Of course, Marta yearned to reject this concept. She sniffed and said, “I really don’t need anything else from you today, lovely Laura. Please, take the rest of the time for yourself. I can begin to pack myself. I know it’s nothing an English girl would do, but it’s what I feel I must do to prepare myself.”

After Laura left, Marta lay back on her bed and felt her heart drum up a reckless beat in her chest. She felt her best-laid plans shrivel up and die, right before her eyes.
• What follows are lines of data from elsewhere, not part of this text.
Lemma conjC_prim_exprz a : (z ^ a)^* = z ^ (- a).
Proof.
have z1 : `|z| = 1.
  apply/eqP; rewrite -(pexpr_eq1 (prim_order_gt0 z_prim)) // -normrX.
  by rewrite (prim_expr_order z_prim) normr1.
have zV : z^* = z^-1 by rewrite invC_norm z1 expr1n invr1 mul1r.
by rewrite -exprz_inv -zV (fmorphXz Num.conj_op).
Qed.

Lemma sum_prim_exprz a :
  \sum_(t < N) z ^ (t%:Z * a) = if (N %| a)%Z then N%:R else 0.
Proof.
have zaX t : z ^ (t%:Z * a) = (z ^ a) ^+ t by rewrite mulrC -exprz_exp.
under eq_bigr => t _ do rewrite zaX.
case: ifPn => [dvd_a | ndvd_a].
  by rewrite prim_exprz_dvd // (eq_bigr (fun _ => 1)) ?sumr_const ?card_ord // => t; rewrite expr1n.
have za1 : z ^ a - 1 != 0 by rewrite subr_eq0 prim_exprz_eq1.
apply: (mulfI za1); rewrite mulr0 -subrX1 exprnP exprz_exp mulrC.
by rewrite prim_exprz_dvd ?subrr // dvdz_mulr.
Qed.

Lemma sum_prim_exprzB (i j : 'I_N) :
  \sum_(t < N) z ^ (t%:Z * (i%:Z - j%:Z)) = if i == j then N%:R else 0.
Proof. by rewrite sum_prim_exprz -eqz_mod_dvd !modz_small ?ltz_nat ?ltn_ord. Qed.

Lemma fourier_inversion (V : lmodType C) (a : 'I_N -> V) (s : 'I_N) :
  \sum_(w < N) z ^ (- (w%:Z * s%:Z)) *: \sum_(j < N) z ^ (w%:Z * j%:Z) *: a j =
  N%:R *: a s.
Proof.
transitivity (\sum_(j < N) (\sum_(w < N) z ^ (w%:Z * (j%:Z - s%:Z))) *: a j).
  under eq_bigr => w _ do rewrite scaler_sumr.
  rewrite exchange_big; apply: eq_bigr => j _; rewrite scaler_suml.
  apply: eq_bigr => w _; rewrite scalerA -exprzDr ?prim_root_unit //.
  by congr (z ^ _ *: _); rewrite mulrBr addrC.
under eq_bigr => j _ do rewrite sum_prim_exprzB.
by rewrite (bigD1 s) //= eqxx big1 ?addr0 // => j /negbTE ->; rewrite scale0r.
Qed.

Lemma circulant_eigen (c : 'I_N -> C) (w j' : 'I_N) :
  \sum_(j < N) z ^ (w%:Z * j%:Z) * \sum_(w' < N) c w' * z ^ (w'%:Z * (j'%:Z - j%:Z)) =
  N%:R * c w * z ^ (w%:Z * j'%:Z).
Proof.
transitivity (\sum_(w' < N) c w' * z ^ (w'%:Z * j'%:Z) *
                \sum_(j < N) z ^ (j%:Z * (w%:Z - w'%:Z))).
  under eq_bigr => j _ do rewrite mulr_sumr.
  rewrite exchange_big; apply: eq_bigr => w' _; rewrite mulr_sumr.
  apply: eq_bigr => j _; rewrite mulrCA -mulrA -!exprzDr ?prim_root_unit //.
  by congr (_ * z ^ _); ring.
under eq_bigr => w' _ do rewrite sum_prim_exprzB.
rewrite (bigD1 w) //= eqxx big1 ?addr0; first by rewrite mulrC mulrA.
by move=> w' /negbTE; rewrite eq_sym => ->; rewrite mulr0.
Qed.

End PrimitiveRootSums.

Section TensorLinearity.

Variable R : comPzRingType.

Lemma tensmx_suml m n p q I (r : seq I) (P : pred I) (F : I -> 'M[R]_(m, n))
    (B : 'M[R]_(p, q)) :
  (\sum_(i <- r | P i) F i) *t B = \sum_(i <- r | P i) (F i *t B).
Proof.
apply/matrixP => i j; rewrite !mxE !summxE mulr_suml.
by apply: eq_bigr => x _; rewrite !mxE.
Qed.

Lemma tensmx_sumr m n p q I (r : seq I) (P : pred I) (A : 'M[R]_(m, n))
    (F : I -> 'M[R]_(p, q)) :
  A *t (\sum_(i <- r | P i) F i) = \sum_(i <- r | P i) (A *t F i).
Proof.
apply/matrixP => i j; rewrite !mxE !summxE mulr_sumr.
by apply: eq_bigr => x _; rewrite !mxE.
Qed.

Lemma tensmxZl m n p q c (A : 'M[R]_(m, n)) (B : 'M[R]_(p, q)) :
  (c *: A) *t B = c *: (A *t B).
Proof. by apply/matrixP => i j; rewrite !mxE mulrA. Qed.

Lemma tensmxZr m n p q c (A : 'M[R]_(m, n)) (B : 'M[R]_(p, q)) :
  A *t (c *: B) = c *: (A *t B).
Proof. by apply/matrixP => i j; rewrite !mxE mulrCA. Qed.

End TensorLinearity.

Lemma adj_mxE m n (A : 'M[algC]_(m, n)) i j : adj_mx A i j = (A j i)^*.
Proof. by rewrite !mxE. Qed.

Lemma adj_mxK m n (A : 'M[algC]_(m, n)) : adj_mx (adj_mx A) = A.
Proof. by apply/matrixP => i j; rewrite !adj_mxE conjCK. Qed.

Lemma adj_mxM m n p (A : 'M[algC]_(m, n)) (B : 'M[algC]_(n, p)) :
  adj_mx (A *m B) = adj_mx B *m adj_mx A.
Proof. by rewrite /adj_mx map_mxM trmx_mul. Qed.

Lemma adj_mxZ m n c (A : 'M[algC]_(m, n)) : adj_mx (c *: A) = c^* *: adj_mx A.
Proof. by apply/matrixP => i j; rewrite !mxE rmorphM. Qed.

Lemma adj_mx_sum m n I (r : seq I) (P : pred I) (F : I -> 'M[algC]_(m, n)) :
  adj_mx (\sum_(i <- r | P i) F i) = \sum_(i <- r | P i) adj_mx (F i).
Proof.
apply/matrixP => i j; rewrite adj_mxE !summxE rmorph_sum.
by apply: eq_bigr => x _; rewrite adj_mxE.
Qed.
All the while, the man she’d fallen for, the man she’d given her heart to, was assuredly off with this other, beautiful, entirely-Austrian woman, a woman who’d beaten Marta in every single manner, in heart and soul and beauty.

Marta clutched the fabric of her bed’s blanket hard so that her fingers lost their colour. She sighed, recognising the severity of her anger, and slowly unclenched.

England. It was to be a fresh life. The sort of one that would allow her to make up her story as she pleased. Just then, her story in Austria had been cut short.

But there would be other things. Other events. She was Marta Schnitzler, and she lived only within the bounds of her own adventurous reality. Regardless of her mother’s “sentence,” she would embark on this journey with her eyes open to the possibility of it.

Perhaps that was how she could best her mother: to prove to her that she didn’t need anything but the wild imagination of her own mind.